Formation Bio is a technology company that helps bring treatments to patients faster. Today, clinical trials are the bottleneck to bringing life-saving treatments to patients. Trials are slow, inefficient, and expensive. Formation Bio is using technology to accelerate the pace of clinical trials and bridge the gap between medical research and patients who need treatment.


Senior Data Scientist/Engineer

LEVELS HEALTH, REMOTE

AUGUST 2021 - FEBRUARY 2023

  • Developed algorithms to personalize the in-app user experience by leveraging machine learning models such as SVM and Random Forest, as well as NLP to build text classification infrastructure.

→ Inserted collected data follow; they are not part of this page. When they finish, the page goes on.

(* Let $m=2k$ with $k\in\mathbb{N}$. For every $\beta\in(k+1,m+1]$ there exists $x\in(0,\frac{m}{\beta-1})$ with a unique $\beta$-expansion, i.e. $|\Sigma_{\beta,m}(x)|=1$.
   Context: $\Sigma_{\beta,m}(x)=\{(\epsilon_i)_{i=1}^\infty\in\{0,\ldots,m\}^{\mathbb{N}}:\sum_{i\ge1}\epsilon_i\beta^{-i}=x\}$; its elements are the $\beta$-expansions of $x$. *)

From Stdlib Require Import Reals.
From Coquelicot Require Import Coquelicot.
Open Scope R_scope.

(* A beta-expansion of x with digits in {0,...,m}: eps : nat -> nat, where
   eps i stands for epsilon_{i+1}, and sum_{i>=0} eps i * beta^{-(i+1)} = x. *)
Definition is_beta_expansion (beta : R) (m : nat) (x : R) (eps : nat -> nat) : Prop :=
  (forall i, (eps i <= m)%nat) /\
  is_series (fun i => INR (eps i) / beta ^ (S i)) x.

Definition Sigma (beta : R) (m : nat) (x : R) : (nat -> nat) -> Prop :=
  fun eps => is_beta_expansion beta m x eps.

Definition unique_expansion (beta : R) (m : nat) (x : R) : Prop :=
  exists eps, Sigma beta m x eps /\
    forall eps', Sigma beta m x eps' -> forall i, eps' i = eps i.

(* The point is x = k/(beta - 1), which has the constant expansion k k k ....
   Every expansion of a value y lies in [0, m/(beta - 1)] = [0, 2x], and stripping the
   first digit d of an expansion of y leaves an expansion of beta*y - d.  For y = x this
   remainder is x + (k - d); since x < 1 (as beta > k + 1), any digit d <> k pushes the
   remainder out of [0, 2x].  So the first digit is k, the remainder is x again, and by
   induction every digit equals k. *)

From Stdlib Require Import Reals Lra Lia.
From Coquelicot Require Import Coquelicot.
Open Scope R_scope.

Lemma is_series_const_digits (beta c : R) : 1 < beta ->
  is_series (fun i => c / beta ^ (S i)) (c / (beta - 1)).
Proof.
  intros Hbeta.
  assert (Hq : Rabs (/ beta) < 1).
  { rewrite Rabs_pos_eq by (left; apply Rinv_0_lt_compat; lra).
    rewrite <- Rinv_1; apply Rinv_lt_contravar; lra. }
  eapply is_series_ext;
    [| replace (c / (beta - 1)) with (scal (c / beta) (/ (1 - / beta)));
       [exact (is_series_scal _ _ _ (is_series_geom _ Hq)) |]].
  - intros n; unfold scal; simpl; unfold mult; simpl.
    rewrite pow_inv; simpl; field.
    split; [apply pow_nonzero |]; lra.
  - unfold scal; simpl; unfold mult; simpl; field; lra.
Qed.

Lemma is_beta_expansion_const (beta : R) (m d : nat) : 1 < beta -> (d <= m)%nat ->
  is_beta_expansion beta m (INR d / (beta - 1)) (fun _ => d).
Proof. split; [easy | now apply is_series_const_digits]. Qed.

Lemma is_beta_expansion_bounds (beta : R) (m : nat) (y : R) (eps : nat -> nat) :
  1 < beta -> is_beta_expansion beta m y eps -> 0 <= y <= INR m / (beta - 1).
Proof.
  intros Hbeta [Hdig Hy].
  assert (Hterm : forall i, 0 <= INR (eps i) / beta ^ (S i) <= INR m / beta ^ (S i)).
  { intros i; assert (0 < beta ^ (S i)) by (apply pow_lt; lra).
    split; [apply Rdiv_le_0_compat; [apply pos_INR | lra] |].
    apply Rmult_le_compat_r; [left; apply Rinv_0_lt_compat; lra | apply le_INR, Hdig]. }
  rewrite <- (is_series_unique _ _ Hy).
  split.
  - rewrite <- (Rmult_0_l (Series (fun i => INR (eps i) / beta ^ (S i)))).
    rewrite <- Series_scal_l.
    apply Series_le; [| now exists y].
    intros i; rewrite Rmult_0_l; specialize (Hterm i); lra.
  - rewrite <- (is_series_unique _ _ (is_series_const_digits beta (INR m) Hbeta)).
    apply Series_le; [exact Hterm |].
    eexists; exact (is_series_const_digits beta (INR m) Hbeta).
Qed.

Lemma is_beta_expansion_shift (beta : R) (m : nat) (y : R) (eps : nat -> nat) :
  beta <> 0 -> is_beta_expansion beta m y eps ->
  is_beta_expansion beta m (beta * y - INR (eps O)) (fun i => eps (S i)).
Proof.
  intros Hbeta [Hdig Hy]; split; [intros i; apply Hdig |].
  set (a := fun i => INR (eps i) / beta ^ (S i)) in Hy.
  assert (Htail : is_series (fun i => a (S i)) (y - a O)).
  { apply is_series_incr_1.
    replace (plus _ _) with y; [exact Hy | unfold plus; simpl; ring]. }
  apply (is_series_scal beta) in Htail.
  replace (beta * y - INR (eps O)) with (scal beta (y - a O))
    by (unfold scal, a; simpl; unfold mult; simpl; field; exact Hbeta).
  eapply is_series_ext; [| exact Htail].
  intros i; unfold scal, a; simpl; unfold mult; simpl; field.
  split; [apply pow_nonzero |]; exact Hbeta.
Qed.

Section ConstantExpansion.

Variables (k : nat) (beta : R).
Hypothesis Hbeta : INR k + 1 < beta.

Let x := INR k / (beta - 1).

Let beta_gt_1 : 1 < beta.
Proof. pose proof (pos_INR k); lra. Qed.

Let beta_neq_0 : beta <> 0.
Proof. pose proof beta_gt_1; lra. Qed.

Lemma const_point_lt_1 : x < 1.
Proof.
  apply (Rmult_lt_reg_r (beta - 1)); [lra |].
  unfold x, Rdiv; rewrite Rmult_assoc, Rinv_l; lra.
Qed.

Lemma first_digit_const (eps : nat -> nat) :
  is_beta_expansion beta (2 * k) x eps -> eps O = k.
Proof.
  intros Heps.
  pose proof (is_beta_expansion_bounds _ _ _ _ beta_gt_1
                (is_beta_expansion_shift _ _ _ _ beta_neq_0 Heps)) as [Hlo Hhi].
  assert (Hrem : beta * x - INR (eps O) = x + INR k - INR (eps O))
    by (unfold x; field; lra).
  assert (Hmax : INR (2 * k) / (beta - 1) = 2 * x)
    by (unfold x; rewrite mult_INR; simpl; field; lra).
  rewrite Hrem in Hlo, Hhi; rewrite Hmax in Hhi.
  pose proof const_point_lt_1.
  destruct (Compare_dec.lt_eq_lt_dec (eps O) k) as [[Hlt | Heq] | Hgt]; [| exact Heq |].
  - apply le_INR in Hlt; rewrite S_INR in Hlt; lra.
  - apply le_INR in Hgt; rewrite S_INR in Hgt; lra.
Qed.

Lemma beta_expansion_const_unique (eps : nat -> nat) :
  is_beta_expansion beta (2 * k) x eps -> forall i, eps i = k.
Proof.
  intros Heps i; revert eps Heps; induction i as [| i IH]; intros eps Heps.
  - exact (first_digit_const eps Heps).
  - apply (IH (fun j => eps (S j))).
    replace x with (beta * x - INR (eps O))
      by (rewrite (first_digit_const eps Heps); unfold x; field; lra).
    exact (is_beta_expansion_shift _ _ _ _ beta_neq_0 Heps).
Qed.

End ConstantExpansion.

Theorem proposition3p2 (k : nat) (beta : R) :
  let m := (2 * k)%nat in
  INR k + 1 < beta <= INR m + 1 ->
  exists x : R, 0 < x < INR m / (beta - 1) /\ unique_expansion beta m x.
Proof.
  intros m [Hbeta Hbeta_le].
  assert (Hk : 0 < INR k).
  { destruct k as [| k']; [unfold m in Hbeta_le; simpl in *; lra |].
    apply lt_0_INR; lia. }
  exists (INR k / (beta - 1)); split.
  - split; [apply Rdiv_lt_0_compat; lra |].
    unfold m; rewrite mult_INR; simpl.
    apply Rmult_lt_compat_r; [apply Rinv_0_lt_compat |]; lra.
  - exists (fun _ => k); split.
    + apply is_beta_expansion_const; [lra | unfold m; lia].
    + exact (beta_expansion_const_unique k beta Hbeta).
Qed.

  • Built and managed data pipelines using AWS, Python, SQL, and DBT that integrate and reconstruct data from various wearables, such as continuous glucose monitors, smart watches, smart scales, etc, into Snowflake.

  • Worked cross-functionally with various department teams to roadmap data/infrastructure needs, define best analytical practices, prototype features, inform metabolic disease and diabetes research strategy, contribute to company publications and media, and translate business problems into actionable data science initiatives.

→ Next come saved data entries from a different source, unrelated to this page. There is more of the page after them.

(* Let $\hat A$ be a complete discrete valuation ring with maximal ideal $\mathfrak p$, let $n$ be a positive integer, and let $H_n$ be the ideal of $\hat A$ generated by all $x^n-1$ with $x\in\hat A^\times$. Then an ideal $I$ of $\hat A$ is $n$-congruing if and only if $H_n\subseteq I$.
   Context: An ideal $I$ of a commutative ring $R$ is $n$-congruing if for every $a\in R$ there is $N\in\mathbb{N}$ with $a^N(a^n-1)\in I$. *)

From HB Require Import structures.
From mathcomp Require Import all_boot all_order all_algebra.
Set Implicit Arguments. Unset Strict Implicit. Unset Printing Implicit Defensive.
Import GRing.Theory.
Local Open Scope ring_scope.

Definition is_ideal (R : comNzRingType) (I : R -> Prop) : Prop :=
  [/\ I 0,
      (forall x y, I x -> I y -> I (x + y)) &
      (forall r x, I x -> I (r * x))].

Definition n_congruing (R : comNzRingType) (n : nat) (I : R -> Prop) : Prop :=
  forall a : R, exists N : nat, I (a ^+ N * (a ^+ n - 1)).

(* The ideal H_n generated by all x^n - 1 with x a unit: the set of finite
   R-linear combinations  sum_i c_i (x_i^n - 1)  with all x_i units. *)
Definition H_ideal (R : comUnitRingType) (n : nat) (y : R) : Prop :=
  exists s : seq (R * R),
    all (fun cx => cx.2 \is a GRing.unit) s /\
    y = \sum_(cx <- s) cx.1 * (cx.2 ^+ n - 1).

(* Discrete valuation ring, via a uniformizer: a nonzero nonunit p such that
   every nonzero element is (unit) * p^k.  The maximal ideal is then pR. *)
Definition is_uniformizer (R : idomainType) (p : R) : Prop :=
  [/\ p != 0, p \isn't a GRing.unit &
      forall x : R, x != 0 ->
        exists (u : R) (k : nat), u \is a GRing.unit /\ x = u * p ^+ k].

Definition in_pow_ideal (R : comNzRingType) (p : R) (k : nat) (x : R) : Prop :=
  exists c : R, x = c * p ^+ k.

(* Completeness for the p-adic (= maximal-ideal-adic) topology:
   every p-adically Cauchy sequence converges p-adically. *)
Definition padic_complete (R : comNzRingType) (p : R) : Prop :=
  forall a : nat -> R,
    (forall k : nat, exists N : nat, forall m l : nat,
        (N <= m)%N -> (N <= l)%N -> in_pow_ideal p k (a m - a l)) ->
    exists L : R, forall k : nat, exists N : nat, forall m : nat,
        (N <= m)%N -> in_pow_ideal p k (a m - L).

Definition complete_DVR (R : idomainType) : Prop :=
  exists p : R, is_uniformizer p /\ padic_complete p.

(** For a unit [x], [x^n - 1 = x^-N * (x^N (x^n - 1))], so an [n]-congruing
    ideal contains every generator of [H_n].  Conversely, [H_n] is not zero:
    the units [1 + p^(j+1)] are pairwise distinct and [X^n - 1] has at most [n]
    roots, so some [x^n - 1 = u p^m] with [u] a unit, and [p^m] lies in [I].  A
    non-unit [a] is a multiple of [p], so [a^m] lies in [p^m] and in [I], while
    for a unit [a] the element [a^n - 1] itself lies in [H_n]. *)
From HB Require Import structures.
From mathcomp Require Import all_boot all_order all_algebra.
Set Implicit Arguments.
Unset Strict Implicit.
Unset Printing Implicit Defensive.

Import GRing.Theory.
Local Open Scope ring_scope.

Section Ideals.
Variables (R : comUnitRingType) (n : nat) (I : R -> Prop).
Hypothesis hI : is_ideal I.

Lemma H_ideal_unit (x : R) : x \is a GRing.unit -> H_ideal n (x ^+ n - 1).
Proof.
move=> xU; exists [:: (1, x)]; split; first by rewrite /= xU.
by rewrite big_seq1 mul1r.
Qed.

Lemma H_ideal_sub :
  (forall x : R, x \is a GRing.unit -> I (x ^+ n - 1)) ->
  forall y : R, H_ideal n y -> I y.
Proof.
case: hI => I0 ID IM hgen y [s [sU ->]].
elim: s sU => [|[c x] s IHs] /=; first by rewrite big_nil.
by case/andP=> xU sU; rewrite big_cons; apply: ID (IHs sU); apply/IM/hgen.
Qed.

Lemma n_congruing_unit (x : R) :
  n_congruing n I -> x \is a GRing.unit -> I (x ^+ n - 1).
Proof.
case: hI => _ _ IM hc xU; have [N hN] := hc x.
by rewrite -(mulKr (unitrX N xU) (x ^+ n - 1)); apply: IM.
Qed.

End Ideals.

Section Uniformizer.
Variables (R : idomainType) (p : R).
Hypothesis hp : is_uniformizer p.

Lemma uniformizer_neq0 : p != 0. Proof. by case: hp. Qed.

Lemma uniformizer_nonunit : p \isn't a GRing.unit. Proof. by case: hp. Qed.

Lemma mul_uniformizer_neq1 (y : R) : p * y != 1.
Proof.
apply: contra uniformizer_nonunit => /eqP pyE.
by apply/unitrPr; exists y.
Qed.

Lemma nonunit_uniformizer_dvd (a : R) :
  a \isn't a GRing.unit -> exists v : R, a = v * p.
Proof.
move=> aNU; have [->|a0] := eqVneq a 0; first by exists 0; rewrite mul0r.
case: hp => _ _ hfac; have [u [[|k] [uU aE]]] := hfac a a0.
  by move: aNU; rewrite aE expr0 mulr1 uU.
by exists (u * p ^+ k); rewrite aE exprSr mulrA.
Qed.

Lemma unit_1_plus_uniformizer_mul (c : R) : 1 + p * c \is a GRing.unit.
Proof.
apply: contraT => hNU; have [v vE] := nonunit_uniformizer_dvd hNU.
by move/eqP: (mul_uniformizer_neq1 (v - c)); rewrite mulrBr mulrC -vE addrK.
Qed.

Lemma uniformizer_expr_inj : injective (GRing.exp p).
Proof.
move=> i j; wlog le_ij : i j / (i <= j)%N => [hwlog e|].
  by case: (leqP i j) => [|/ltnW] le; [apply: hwlog | apply/esym/hwlog].
rewrite -(subnKC le_ij) exprD -[p ^+ i in LHS]mulr1.
move=> /(mulfI (expf_neq0 _ uniformizer_neq0)).
case: (j - i)%N => [|d] pdE; first by rewrite addn0.
by move: uniformizer_nonunit; rewrite -(unitrX_pos p (ltn0Sn d)) -pdE unitr1.
Qed.

Lemma exists_unit_expr_neq1 (n : nat) : (0 < n)%N ->
  exists x : R, x \is a GRing.unit /\ x ^+ n - 1 != 0.
Proof.
move=> n0; pose xs := [seq 1 + p ^+ j.+1 | j <- iota 0 n.+1].
have Xn1_neq0 : 'X^n - (1 : R)%:P != 0 by rewrite -size_poly_eq0 size_XnsubC.
have [allRoots|] := boolP (all (root ('X^n - 1%:P)) xs).
  have xsU : uniq xs.
    by rewrite map_inj_uniq ?iota_uniq // => i j /addrI /uniformizer_expr_inj [].
  have := max_poly_roots Xn1_neq0 allRoots xsU.
  by rewrite size_XnsubC // size_map size_iota ltnn.
case/allPn=> _ /mapP [j _ ->]; rewrite /root !hornerE => hNroot.
by exists (1 + p ^+ j.+1); split; rewrite // exprS unit_1_plus_uniformizer_mul.
Qed.

Lemma ideal_neq0_uniformizer_expr (I : R -> Prop) (y : R) :
  is_ideal I -> I y -> y != 0 -> exists m : nat, forall c : R, I (c * p ^+ m).
Proof.
case=> _ _ IM Iy y0; case: hp => _ _ hfac; have [u [m [uU yE]]] := hfac y y0.
by exists m => c; rewrite -(mulKr uU (p ^+ m)) [c * _]mulrA -yE; apply: IM.
Qed.

Lemma n_congruing_of_H_sub (n : nat) (I : R -> Prop) :
  (0 < n)%N -> is_ideal I -> (forall y : R, H_ideal n y -> I y) ->
  n_congruing n I.
Proof.
move=> n0 hI hH; have IU x : x \is a GRing.unit -> I (x ^+ n - 1).
  by move=> xU; apply/hH/H_ideal_unit.
have [x [xU x0]] := exists_unit_expr_neq1 n0.
have [m Ipm] := ideal_neq0_uniformizer_expr hI (IU x xU) x0.
move=> a; have [aU|aNU] := boolP (a \is a GRing.unit).
  by exists 0%N; rewrite mul1r; apply: IU.
have [v ->] := nonunit_uniformizer_dvd aNU.
by exists m; rewrite exprMn mulrAC; apply: Ipm.
Qed.

End Uniformizer.

Theorem mainTheorem12 (R : idomainType) (hR : complete_DVR R)
  (n : nat) (hn : (0 < n)%N) (I : R -> Prop) (hI : is_ideal I) :
  n_congruing n I <-> (forall y : R, H_ideal n y -> I y).
Proof.
have [p [hp _]] := hR; split=> [hc | hH].
  by apply: H_ideal_sub => // x; apply: n_congruing_unit.
exact: (n_congruing_of_H_sub hp hn hI hH).
Qed.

Levels makes it easy for people to see how their diet affects both their health and their lifestyle in a quantifiable way by measuring biomarkers in real-time. Levels is expanding access to continuous glucose monitoring and making it mainstream, focused on people looking to find their optimal diet and improve their metabolic fitness.

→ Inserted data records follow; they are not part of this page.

Lemma transversal_window_exists {U : set vec} {g : vec -> R} {F : R * vec -> vec}
    {ts : R} {xs : vec} :
  open U -> U xs -> C2_on U g -> {for (ts, xs), continuous F} ->
  0 < dotv (grad g xs) (F (ts, xs)) ->
  exists r C : R, 0 < r /\ transversal_window U g F ts xs r C.
Proof.
move=> Uo Uxs hg Fc flux.
pose A (k : 'I_d) : R := F (ts, xs) ord0 k.
pose B (k : 'I_d) : R := 'D_(ev k) g xs.
have sumBA : 0 < \sum_(k < d) B k * A k.
  by move: flux; rewrite /dotv; under eq_bigr do rewrite mxE.
have [eta eta0 hpert] := @perturbed_sum_gt0 A B sumBA.
have [_ gd _] := hg xs Uxs.
have nearX : \forall x \near xs, U x /\ forall k, `|B k - 'D_(ev k) g x| < eta.
  near=> x; split; first by near: x; apply: open_nbhs_nbhs.
  near: x; apply: (@filter_forall _ _ _ _ (nbhs_filter xs)) => k.
  exact: (cvgr_dist_lt _ _ (gd k).2 eta eta0).
have min0 : 0 < Num.min eta 1 by rewrite lt_min eta0 ltr01.
have [r1 r10 H1] := nbhs_radius nearX.
have [r2 r20 H2] := nbhs_radius (cvgr_dist_lt _ _ Fc _ min0).
pose r := Num.min r1 r2.
have near_F t x : `|ts - t| < r -> `|xs - x| < r -> `|F (ts, xs) - F (t, x)| < Num.min eta 1.
  have r_r2 : r <= r2 by rewrite ge_min lexx orbT.
  move=> ht hx; apply: H2; rewrite prod_normE /= gt_max.
  by rewrite (lt_le_trans ht) ?(lt_le_trans hx).
have near_X x : `|xs - x| < r -> U x /\ forall k, `|B k - 'D_(ev k) g x| < eta.
  by rewrite lt_min => /andP[hx _]; exact: H1.
exists r, (`|F (ts, xs)| + 1); split; first by rewrite lt_min r10 r20.
split => [||t x ht hx|c p q hc hp hq].
- by rewrite addr_ge0.
- by move=> x /near_X[].
- have := ler_normB (F (ts, xs)) (F (ts, xs) - F (t, x)).
  rewrite opprB addrCA subrr addr0 => le.
  apply: (le_trans le); rewrite lerD2l; apply: ltW; apply: lt_le_trans (near_F t x ht hx) _.
  by rewrite ge_min lexx orbT.
- apply: hpert => k.
    rewrite distrC; apply: le_trans (entry_dist _ _ _ _) _.
    by apply: ltW; apply: lt_le_trans (near_F _ _ (hc k) (hp k)) _; rewrite ge_min lexx.
  by rewrite distrC; apply: ltW; have [_] := near_X _ (hq k); apply.
Unshelve. all: by end_near.
Qed.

Data Scientist (Computational Genomics)

ICAHN SCHOOL OF MEDICINE AT MOUNT SINAI, MULTISCALE NETWORK MODELING LAB, NEW YORK, NY

AUGUST 2019 - AUGUST 2021

  • Used machine learning techniques, such as Random Forest and Support Vector Machine, to assess various polygenic risks generated from Genome-Wide Association Studies (GWAS) and their association with the development of late-stage Alzheimer's disease (AD).

  • Used maximal information-based nonparametric exploration (MINE) statistics to analyze relationships between RNA-seq, protein expression, and clinical covariate data in AD subjects.

  • Analyzed the correlation between RNA-seq and protein expression data using differential expression and gene set enrichment analyses (GSEA) to gain more insight into AD pathogenesis, diagnosis, and therapeutics.


Data Scientist

CELGENE CORPORATION (Acq. Bristol Myers Squibb), GLOBAL DRUG SAFETY AND RISK MANAGEMENT, SUMMIT, NJ

JUNE 2017 - AUGUST 2019

  • Analyzed 470K+ Individual Case Safety Reports (ICSRs) generated from clinical trials and postmarket drugs - effectively comprising just short of a billion individual data points - using R, Python, and data visualization tools.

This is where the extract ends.